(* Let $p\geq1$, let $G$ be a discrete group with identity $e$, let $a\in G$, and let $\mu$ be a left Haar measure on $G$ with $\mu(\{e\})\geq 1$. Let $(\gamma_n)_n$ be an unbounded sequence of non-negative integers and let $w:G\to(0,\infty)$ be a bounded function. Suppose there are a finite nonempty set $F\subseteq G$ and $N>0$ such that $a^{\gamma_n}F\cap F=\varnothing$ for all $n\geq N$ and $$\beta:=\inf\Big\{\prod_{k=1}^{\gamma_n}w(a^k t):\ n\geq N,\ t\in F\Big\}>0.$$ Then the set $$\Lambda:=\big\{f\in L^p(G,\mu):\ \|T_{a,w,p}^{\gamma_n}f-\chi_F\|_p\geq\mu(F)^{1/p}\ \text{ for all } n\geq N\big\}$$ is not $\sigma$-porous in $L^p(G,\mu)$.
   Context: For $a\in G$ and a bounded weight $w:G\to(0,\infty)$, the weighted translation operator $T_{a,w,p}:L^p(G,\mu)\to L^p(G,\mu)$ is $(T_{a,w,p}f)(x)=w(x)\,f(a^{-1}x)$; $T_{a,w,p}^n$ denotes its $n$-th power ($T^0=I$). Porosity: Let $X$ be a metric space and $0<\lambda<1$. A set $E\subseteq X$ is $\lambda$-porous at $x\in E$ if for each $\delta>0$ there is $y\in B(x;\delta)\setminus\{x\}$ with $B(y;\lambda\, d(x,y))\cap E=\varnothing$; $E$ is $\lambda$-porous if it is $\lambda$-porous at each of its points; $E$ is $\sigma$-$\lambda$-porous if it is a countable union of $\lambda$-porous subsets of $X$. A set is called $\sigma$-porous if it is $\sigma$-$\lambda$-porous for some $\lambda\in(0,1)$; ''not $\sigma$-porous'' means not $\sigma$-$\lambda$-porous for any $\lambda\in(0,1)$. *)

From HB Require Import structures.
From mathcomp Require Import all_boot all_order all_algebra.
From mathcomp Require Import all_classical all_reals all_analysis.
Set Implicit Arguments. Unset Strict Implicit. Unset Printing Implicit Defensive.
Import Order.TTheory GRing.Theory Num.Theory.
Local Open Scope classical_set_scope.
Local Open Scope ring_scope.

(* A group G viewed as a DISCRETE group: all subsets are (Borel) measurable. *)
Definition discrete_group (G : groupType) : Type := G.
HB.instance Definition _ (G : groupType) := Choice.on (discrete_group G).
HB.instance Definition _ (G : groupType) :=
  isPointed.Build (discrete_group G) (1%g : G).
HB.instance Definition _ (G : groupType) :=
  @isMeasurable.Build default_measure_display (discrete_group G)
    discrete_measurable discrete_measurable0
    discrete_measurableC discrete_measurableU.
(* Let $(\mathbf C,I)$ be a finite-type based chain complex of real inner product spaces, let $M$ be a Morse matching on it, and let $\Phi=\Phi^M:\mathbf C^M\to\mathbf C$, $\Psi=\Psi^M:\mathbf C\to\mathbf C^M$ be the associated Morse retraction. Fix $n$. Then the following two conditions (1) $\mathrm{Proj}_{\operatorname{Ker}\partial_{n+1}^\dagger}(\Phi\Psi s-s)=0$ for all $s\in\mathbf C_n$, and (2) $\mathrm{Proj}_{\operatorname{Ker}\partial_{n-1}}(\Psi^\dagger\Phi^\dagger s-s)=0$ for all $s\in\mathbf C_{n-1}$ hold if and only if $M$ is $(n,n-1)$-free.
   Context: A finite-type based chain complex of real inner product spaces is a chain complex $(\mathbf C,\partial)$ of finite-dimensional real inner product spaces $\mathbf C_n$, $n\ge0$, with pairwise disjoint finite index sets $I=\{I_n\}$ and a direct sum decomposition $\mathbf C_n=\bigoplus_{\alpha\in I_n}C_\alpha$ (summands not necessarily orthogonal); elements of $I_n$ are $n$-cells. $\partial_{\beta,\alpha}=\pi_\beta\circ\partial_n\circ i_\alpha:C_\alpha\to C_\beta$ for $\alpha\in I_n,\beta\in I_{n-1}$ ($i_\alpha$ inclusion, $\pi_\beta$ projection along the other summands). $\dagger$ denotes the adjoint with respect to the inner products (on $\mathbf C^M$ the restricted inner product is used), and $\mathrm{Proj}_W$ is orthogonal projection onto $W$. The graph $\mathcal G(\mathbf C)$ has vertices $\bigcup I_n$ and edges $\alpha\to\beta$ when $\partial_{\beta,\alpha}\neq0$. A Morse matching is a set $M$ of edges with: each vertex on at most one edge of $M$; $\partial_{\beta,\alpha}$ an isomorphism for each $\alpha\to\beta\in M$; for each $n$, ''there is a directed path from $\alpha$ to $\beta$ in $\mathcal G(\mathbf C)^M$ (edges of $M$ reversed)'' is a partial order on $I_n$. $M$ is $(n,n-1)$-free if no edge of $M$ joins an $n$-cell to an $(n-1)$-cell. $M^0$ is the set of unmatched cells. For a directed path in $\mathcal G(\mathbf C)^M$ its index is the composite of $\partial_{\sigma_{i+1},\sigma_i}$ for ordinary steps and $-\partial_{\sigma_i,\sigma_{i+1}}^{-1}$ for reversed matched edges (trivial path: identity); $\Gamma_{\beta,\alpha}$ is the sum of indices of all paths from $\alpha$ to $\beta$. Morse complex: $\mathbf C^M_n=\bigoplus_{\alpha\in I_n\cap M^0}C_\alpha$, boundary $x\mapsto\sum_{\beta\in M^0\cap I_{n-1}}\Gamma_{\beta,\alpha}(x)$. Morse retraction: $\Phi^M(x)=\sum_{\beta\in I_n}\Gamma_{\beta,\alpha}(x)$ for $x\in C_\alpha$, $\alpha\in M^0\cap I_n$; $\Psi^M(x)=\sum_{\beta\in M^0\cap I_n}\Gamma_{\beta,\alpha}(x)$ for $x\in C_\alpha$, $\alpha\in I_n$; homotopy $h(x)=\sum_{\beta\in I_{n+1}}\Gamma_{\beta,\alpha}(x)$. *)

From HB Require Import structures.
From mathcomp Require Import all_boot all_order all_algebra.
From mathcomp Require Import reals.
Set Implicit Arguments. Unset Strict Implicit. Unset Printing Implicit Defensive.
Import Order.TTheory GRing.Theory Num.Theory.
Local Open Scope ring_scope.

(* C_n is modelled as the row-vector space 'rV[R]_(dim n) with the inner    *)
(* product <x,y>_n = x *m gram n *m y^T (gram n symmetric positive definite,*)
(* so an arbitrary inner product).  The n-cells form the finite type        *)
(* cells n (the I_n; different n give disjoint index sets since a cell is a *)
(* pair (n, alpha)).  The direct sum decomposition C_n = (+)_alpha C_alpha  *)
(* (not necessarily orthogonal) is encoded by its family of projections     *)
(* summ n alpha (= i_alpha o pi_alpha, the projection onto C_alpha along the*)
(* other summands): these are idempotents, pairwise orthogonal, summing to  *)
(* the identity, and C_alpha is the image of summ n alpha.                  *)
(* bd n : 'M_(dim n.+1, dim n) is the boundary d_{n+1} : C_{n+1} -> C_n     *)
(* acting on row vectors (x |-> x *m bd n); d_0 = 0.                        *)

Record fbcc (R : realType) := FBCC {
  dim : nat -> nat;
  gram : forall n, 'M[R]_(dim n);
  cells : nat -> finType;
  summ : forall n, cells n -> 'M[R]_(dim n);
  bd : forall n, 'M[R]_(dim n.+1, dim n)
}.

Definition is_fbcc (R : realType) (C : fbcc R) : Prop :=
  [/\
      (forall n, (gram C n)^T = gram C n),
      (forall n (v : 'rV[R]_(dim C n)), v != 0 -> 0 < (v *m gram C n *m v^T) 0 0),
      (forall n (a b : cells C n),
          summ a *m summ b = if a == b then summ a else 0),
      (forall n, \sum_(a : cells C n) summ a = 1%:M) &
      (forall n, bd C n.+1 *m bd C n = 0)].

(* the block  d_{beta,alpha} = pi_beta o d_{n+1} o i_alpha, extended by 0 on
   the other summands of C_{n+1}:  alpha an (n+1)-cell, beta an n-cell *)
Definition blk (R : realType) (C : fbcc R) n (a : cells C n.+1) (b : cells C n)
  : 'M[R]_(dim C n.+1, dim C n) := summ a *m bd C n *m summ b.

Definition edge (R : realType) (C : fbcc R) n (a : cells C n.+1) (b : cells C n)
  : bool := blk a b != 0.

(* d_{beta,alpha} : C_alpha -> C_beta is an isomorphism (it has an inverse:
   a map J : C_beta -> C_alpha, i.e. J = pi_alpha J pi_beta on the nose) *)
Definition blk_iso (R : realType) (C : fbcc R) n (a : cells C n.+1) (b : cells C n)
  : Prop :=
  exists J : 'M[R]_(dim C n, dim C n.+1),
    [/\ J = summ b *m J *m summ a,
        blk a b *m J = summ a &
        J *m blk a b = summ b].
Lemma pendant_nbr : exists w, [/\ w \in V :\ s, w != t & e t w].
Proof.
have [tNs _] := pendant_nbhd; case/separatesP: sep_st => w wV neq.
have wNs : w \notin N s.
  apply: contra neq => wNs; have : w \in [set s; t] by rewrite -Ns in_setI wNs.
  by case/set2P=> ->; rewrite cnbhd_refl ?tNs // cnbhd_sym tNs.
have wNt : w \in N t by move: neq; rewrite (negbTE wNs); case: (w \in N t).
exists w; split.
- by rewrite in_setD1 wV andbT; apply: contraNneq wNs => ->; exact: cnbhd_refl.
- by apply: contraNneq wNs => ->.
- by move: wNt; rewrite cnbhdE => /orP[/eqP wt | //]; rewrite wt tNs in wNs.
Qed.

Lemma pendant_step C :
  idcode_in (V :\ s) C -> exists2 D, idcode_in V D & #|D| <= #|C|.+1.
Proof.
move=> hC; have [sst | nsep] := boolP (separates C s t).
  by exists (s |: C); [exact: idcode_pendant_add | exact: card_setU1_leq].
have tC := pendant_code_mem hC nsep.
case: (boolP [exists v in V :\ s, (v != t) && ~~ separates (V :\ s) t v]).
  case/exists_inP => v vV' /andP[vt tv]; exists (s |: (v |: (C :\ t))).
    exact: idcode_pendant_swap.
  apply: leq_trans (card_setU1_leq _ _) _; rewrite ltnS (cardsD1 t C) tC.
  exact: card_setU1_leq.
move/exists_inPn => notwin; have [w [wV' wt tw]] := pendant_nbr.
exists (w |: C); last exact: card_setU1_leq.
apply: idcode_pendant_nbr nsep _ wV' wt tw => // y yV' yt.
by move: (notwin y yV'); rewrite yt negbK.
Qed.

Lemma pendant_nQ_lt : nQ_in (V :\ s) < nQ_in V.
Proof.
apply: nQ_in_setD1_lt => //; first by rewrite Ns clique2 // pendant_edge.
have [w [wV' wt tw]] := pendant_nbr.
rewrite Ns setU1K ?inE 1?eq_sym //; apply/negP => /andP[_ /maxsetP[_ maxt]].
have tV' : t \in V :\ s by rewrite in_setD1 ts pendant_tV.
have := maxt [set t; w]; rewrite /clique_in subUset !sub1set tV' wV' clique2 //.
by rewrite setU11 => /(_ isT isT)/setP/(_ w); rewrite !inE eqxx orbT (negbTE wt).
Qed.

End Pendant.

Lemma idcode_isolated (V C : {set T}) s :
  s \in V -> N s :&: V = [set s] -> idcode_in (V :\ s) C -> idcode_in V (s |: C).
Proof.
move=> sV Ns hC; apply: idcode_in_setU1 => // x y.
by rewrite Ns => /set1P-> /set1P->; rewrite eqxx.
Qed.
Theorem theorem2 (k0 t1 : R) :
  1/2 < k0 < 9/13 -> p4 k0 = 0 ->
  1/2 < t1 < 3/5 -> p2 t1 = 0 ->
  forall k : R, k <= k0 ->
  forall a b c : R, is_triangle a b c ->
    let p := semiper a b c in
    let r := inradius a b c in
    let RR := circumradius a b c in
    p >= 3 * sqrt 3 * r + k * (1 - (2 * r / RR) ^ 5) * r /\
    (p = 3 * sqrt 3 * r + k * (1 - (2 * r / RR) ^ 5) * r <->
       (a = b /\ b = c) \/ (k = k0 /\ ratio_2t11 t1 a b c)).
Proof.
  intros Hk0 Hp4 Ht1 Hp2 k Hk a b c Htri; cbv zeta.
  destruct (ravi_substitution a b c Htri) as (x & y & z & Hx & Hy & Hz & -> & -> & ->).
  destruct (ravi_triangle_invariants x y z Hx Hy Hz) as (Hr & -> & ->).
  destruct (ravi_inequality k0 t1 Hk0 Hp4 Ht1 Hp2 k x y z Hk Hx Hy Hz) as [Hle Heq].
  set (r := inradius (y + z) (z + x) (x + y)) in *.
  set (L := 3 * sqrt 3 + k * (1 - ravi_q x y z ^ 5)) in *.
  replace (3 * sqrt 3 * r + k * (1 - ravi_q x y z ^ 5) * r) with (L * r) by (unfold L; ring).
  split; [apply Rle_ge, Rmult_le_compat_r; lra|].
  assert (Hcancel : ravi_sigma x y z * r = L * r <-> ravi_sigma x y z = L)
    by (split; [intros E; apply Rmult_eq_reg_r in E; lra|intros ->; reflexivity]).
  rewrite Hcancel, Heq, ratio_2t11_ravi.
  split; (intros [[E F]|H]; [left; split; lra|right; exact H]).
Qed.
####
_TASK INSTRUCTIONS_:
Of all the entries above, retype exactly the lines from the line with "blk a b != 0." to the line with "apply: contra neq", both included, and no others.

_EXERCISE OUTPUT_:
  : bool := blk a b != 0.

(* d_{beta,alpha} : C_alpha -> C_beta is an isomorphism (it has an inverse:
   a map J : C_beta -> C_alpha, i.e. J = pi_alpha J pi_beta on the nose) *)
Definition blk_iso (R : realType) (C : fbcc R) n (a : cells C n.+1) (b : cells C n)
  : Prop :=
  exists J : 'M[R]_(dim C n, dim C n.+1),
    [/\ J = summ b *m J *m summ a,
        blk a b *m J = summ a &
        J *m blk a b = summ b].
Lemma pendant_nbr : exists w, [/\ w \in V :\ s, w != t & e t w].
Proof.
have [tNs _] := pendant_nbhd; case/separatesP: sep_st => w wV neq.
have wNs : w \notin N s.
  apply: contra neq => wNs; have : w \in [set s; t] by rewrite -Ns in_setI wNs.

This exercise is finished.